Since April 2015, ‘Money Purchase’ pensions such as personal pensions and SIPPs (self-invested personal pensions) can now be passed on down the generations and on to any named beneficiary, regardless of whether they are a relative or not. While there has been much in the news regarding the new pension benefits, there is little advice available on what to do if you are the beneficiary of a pension.

Are you the beneficiary of a pension but unsure what to do? 

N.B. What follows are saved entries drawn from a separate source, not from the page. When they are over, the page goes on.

Lemma MGN_residually_finite_iff (G : Group) (N : G -> Prop) (HN : normal_subgroup G N) :
  residually_finite_monoid (MGN G N) <-> residually_finite_group G.
Proof.
  split; intro RF.
  - apply residually_finite_group_of_mul_maps. intros g g' Hg.
    set (emb := fun k => of_normal_form G N (NG k)).
    destruct (RF (emb g) (emb g')) as (P & HP & f & [f_mul _] & Hf).
    { intro E. apply (f_equal (@normal_form G N)) in E. unfold emb in E.
      rewrite !normal_form_of_normal_form in E by exact I. injection E; auto. }
    exists P. split; [exact HP|]. exists (fun k => f (emb k)). split; [|exact Hf].
    intros u v. rewrite <- f_mul. unfold emb. rewrite <- (of_normal_form_mul HN); trivial; exact I.
  - apply (residually_finite_monoid_of_inj_hom (normal_form_hom G N)).
    + apply (normal_form_inj HN).
    + apply nf_monoid_residually_finite, RF.
Qed.

(** * L-classes and the action on them *)

Section GreenL.
Variable M : Monoid.

Lemma Lrel_refl (x : M) : Lrel M x x.
Proof. intro z. reflexivity. Qed.

Lemma Lrel_sym (x y : M) : Lrel M x y -> Lrel M y x.
Proof. intros H z. symmetry. apply H. Qed.

Lemma Lrel_trans (x y z : M) : Lrel M x y -> Lrel M y z -> Lrel M x z.
Proof. intros H1 H2 w. rewrite (H1 w). apply H2. Qed.

Lemma Lrel_intro (x y : M) :
  (exists a, x = mmul a y) -> (exists b, y = mmul b x) -> Lrel M x y.
Proof.
  intros [a Ha] [b Hb] z; split; intros [c Hc].
  - exists (mmul c a). rewrite Hc, Ha, massoc. reflexivity.
  - exists (mmul c b). rewrite Hc, Hb, massoc. reflexivity.
Qed.

Lemma Lrel_factor (x y : M) : Lrel M x y -> exists a, x = mmul a y.
Proof. intro H. apply (H x). exists mone. rewrite mmul1l. reflexivity. Qed.

Lemma Lrel_mulr (x y m : M) : Lrel M x y -> Lrel M (mmul x m) (mmul y m).
Proof.
  intros H. apply Lrel_intro.
  - destruct (Lrel_factor H) as [c Hc]. exists c. rewrite Hc, massoc. reflexivity.
  - destruct (Lrel_factor (Lrel_sym H)) as [c Hc]. exists c. rewrite Hc, massoc. reflexivity.
Qed.

Lemma Lclass_eq (x y : M) : Lrel M x y -> cls (Lrel M) x = cls (Lrel M) y.
Proof. apply cls_eq; [apply Lrel_sym | apply Lrel_trans]. Qed.

Lemma Lclass_inj (x y : M) : cls (Lrel M) x = cls (Lrel M) y -> Lrel M x y.
Proof. apply cls_inj, Lrel_refl. Qed.

Lemma Lact_cls (x m : M) : Lact (cls (Lrel M) x) m = cls (Lrel M) (mmul x m).
Proof. apply Lclass_eq, Lrel_mulr, rep_cls, Lrel_refl. Qed.

End GreenL.

Section MGNLClasses.
Variables (G : Group) (N : G -> Prop).
Hypothesis HN : normal_subgroup G N.
Local Notation M := (MGN G N).

Definition nf_Lrel (u v : NF G) : Prop :=
  match u, v with
  | NOne, NOne | NG _, NG _ | NBar _, NBar _ | NZero, NZero => True
  | NH g, NH g' => cosrel G N g g'
  | _, _ => False
  end.

Definition nf_lfactor (u v : NF G) : NF G :=
  match u, v with
  | NG g, NG g' => NG (gmul g (ginv g'))
  | NBar g, NBar g' | NH g, NH g' => NBar (gmul g (ginv g'))
  | _, _ => NOne
  end.

Lemma nf_Lrel_sym u v : nf_Lrel u v -> nf_Lrel v u.
Proof. destruct u, v; simpl; auto. apply (cosrel_sym HN). Qed.

Lemma nf_lfactor_spec u v : nf_Lrel u v -> nf_valid G N u -> nf_valid G N v ->
  nf_valid G N (nf_lfactor u v) /\ u = nf_mul (nf_lfactor u v) v.
Proof.
  assert (cancel : forall g g' : G, g = gmul (gmul g (ginv g')) g').
  { intros g g'. rewrite <- gassoc, gmulVl, gmul1r. reflexivity. }
  destruct u as [|g|g|g|], v as [|g'|g'|g'|]; simpl; try contradiction;
    intros HL Hu Hv; split; try exact I; try reflexivity; try (f_equal; apply cancel).
  - apply (normal_mul HN); [exact Hu | apply (normal_inv HN), Hv].
  - apply (cosrel_normal_l HN), HL.
Qed.

Lemma nf_Lrel_of_factors u v b c : nf_valid G N b -> nf_valid G N c ->
  u = nf_mul b v -> v = nf_mul c u -> nf_Lrel u v.
Proof.
  intros Hb Hc H1 H2.
  destruct u, v, b, c; simpl in *; try discriminate; try exact I;
  repeat match goal with H : NH _ = NH _ |- _ => injection H as H end; subst;
  try apply (cosrel_refl HN); apply (cosrel_normal_mull HN); auto.
Qed.

Lemma Lrel_normal_form (x y : M) :
  Lrel M x y <-> nf_Lrel (normal_form x) (normal_form y).
Proof.
  split; intro H.
  - destruct (Lrel_factor H) as [b Hb]. destruct (Lrel_factor (Lrel_sym H)) as [c Hc].
    apply (@nf_Lrel_of_factors _ _ (normal_form b) (normal_form c));
      try apply (normal_form_valid HN).
    + rewrite Hb at 1. apply normal_form_mul.
    + rewrite Hc at 1. apply normal_form_mul.
  - assert (factor : forall x y : M, nf_Lrel (normal_form x) (normal_form y) ->
              exists a, x = mmul a y).
    { clear x y H. intros x y H.
      destruct (nf_lfactor_spec _ _ H (normal_form_valid HN x) (normal_form_valid HN y))
        as [Hv Hxy].
      exists (of_normal_form G N (nf_lfactor (normal_form x) (normal_form y))).
      apply (normal_form_inj HN). rewrite normal_form_mul, normal_form_of_normal_form; auto. }
    apply Lrel_intro; apply factor; auto using nf_Lrel_sym.
Qed.

End MGNLClasses.

(* The L-classes of M(G,N), with the class of h g recorded through the image of g in Q. *)
Inductive LPoint (Q : Type) := LOne | LG | LBar | LH (t : Q) | LZero.
Arguments LOne {Q}. Arguments LG {Q}. Arguments LBar {Q}. Arguments LH {Q}. Arguments LZero {Q}.

Lemma LPoint_finite (Q : Type) : is_finite Q -> is_finite (LPoint Q).
Proof.
  intros [l Hl]. exists (LOne :: LG :: LBar :: LZero :: map (@LH Q) l).
  intro x; destruct x; simpl; auto 6 using in_map.
Qed.

Section LPointAction.
Variables (G : Group) (N : G -> Prop).
Hypothesis HN : normal_subgroup G N.
Variables (Q : Group) (q : G -> Q).
Hypothesis q_hom : group_hom q.
Hypothesis q_N : forall n, N n -> q n = gone.
Local Notation M := (MGN G N).

Definition lpoint (u : NF G) : LPoint Q :=
  match u with
  | NOne => LOne | NG _ => LG | NBar _ => LBar | NH g => LH (q g) | NZero => LZero
  end.

Definition lpoint_act (p : LPoint Q) (v : NF G) : LPoint Q :=
  match p with
  | LOne => lpoint v
  | LG => match v with NOne | NG _ => LG | _ => LZero end
  | LBar => match v with NOne | NBar _ => LBar | NH g => LH (q g) | _ => LZero end
  | LH t => match v with NOne => LH t | NG g => LH (gmul t (q g)) | _ => LZero end
  | LZero => LZero
  end.

Lemma lpoint_mul u v : nf_valid G N u -> lpoint (nf_mul u v) = lpoint_act (lpoint u) v.
Proof.
  intro Hu. destruct u, v; simpl in *; try reflexivity; rewrite q_hom; try reflexivity.
  rewrite (q_N Hu), gmul1l; auto.
Qed.

Lemma lpoint_act_one p : lpoint_act p NOne = p.
Proof. destruct p; reflexivity. Qed.

Lemma lpoint_act_mul p u v : nf_valid G N u ->
  lpoint_act (lpoint_act p u) v = lpoint_act p (nf_mul u v).
Proof.
  intro Hu. destruct p.
  - symmetry. apply lpoint_mul, Hu.
  - destruct u, v; reflexivity.
  - destruct u, v; simpl in *; try reflexivity; rewrite q_hom;
      try rewrite (q_N Hu), gmul1l; reflexivity.
  - destruct u, v; simpl in *; try reflexivity. rewrite q_hom, gassoc; reflexivity.
  - reflexivity.
Qed.

Lemma lpoint_nf_Lrel u v : nf_Lrel G N u v -> lpoint u = lpoint v.
Proof.
  destruct u as [|g|g|g|], v as [|g'|g'|g'|]; simpl; try contradiction; try reflexivity.
  intro H. f_equal. replace g' with (gmul g (gmul (ginv g) g')).
  - rewrite q_hom, (q_N H), gmul1r; reflexivity.
  - rewrite gassoc, gmulVr, gmul1l; reflexivity.
Qed.

Definition lpoint_mset : MSet M.
Proof.
  refine (@Build_MSet M (LPoint Q) (fun p m => lpoint_act p (normal_form m)) _ _).
  - intro p. rewrite (proj2 (normal_form_hom G N)). apply lpoint_act_one.
  - intros p a b. rewrite normal_form_mul. apply lpoint_act_mul, (normal_form_valid HN).
Defined.

Definition Lclass_lpoint (c : Lclasses M) : LPoint Q := lpoint (normal_form (rep c)).

Lemma Lclass_lpoint_Lact c m :
  Lclass_lpoint (Lact c m) = sact lpoint_mset (Lclass_lpoint c) m.
Proof.
  unfold Lclass_lpoint, Lact.
  rewrite (lpoint_nf_Lrel _ _ (proj1 (Lrel_normal_form HN _ _) (rep_cls _ (@Lrel_refl M) _))).
  rewrite normal_form_mul.
  apply lpoint_mul, (normal_form_valid HN).
Qed.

  • If a pension holder dies before age 75, the beneficiary can receive the pension as a lump sum, annuity or a new ‘Flexi Access Drawdown’ fund. There will be no tax to pay on the money received (as long as it is less than the lifetime allowance, which is currently £1.25m). This can apply whether or not money has been withdrawn from the pension.
  • If the pension holder dies over age 75, the benefits are taxed at the beneficiary’s marginal rate of income tax. So, for example, if they are a basic rate income taxpayer they will pay 20% on any withdrawals (under 2015-2016 tax rules). The exception to this is if the beneficiary takes a lump sum out of the pension, which will be taxed at 45%, but only up to April 2016.

There will be no inheritance tax to pay, but given that the average life expectancy at age 65 in the UK is 86.6 years for men and 89.3 for women, it is clear that the government is expecting that most individuals will have to pay some income tax.

What should the beneficiary of a new Flexi Access Drawdown pension consider?

It is important to understand there are a few caveats when it comes to the new pension changes.

  • If the pension holder dies before they are 75, the money can be passed on tax free, can be taken either as a lump sum or as income via an annuity or flexible drawdown.
  • If the policyholder is to die on or after their 75th birthday, your tax status and personal circumstances will be considered when ascertaining whether it will be better to secure a guaranteed regular income via an annuity or the more flexible drawdown arrangement, paying income tax on the amounts withdrawn, or as a lump sum (45% tax prior to April 2016).

Flexi Access Drawdown schemes keep the money invested and will need managing. Look at the risk you want to take with the money and accordingly, take advice about which may be the most suitable investments.

If you have beneficiaries you want to pass the pension on to, ensure you have completed your own expression of wish form for your new Flexi Access Drawdown fund.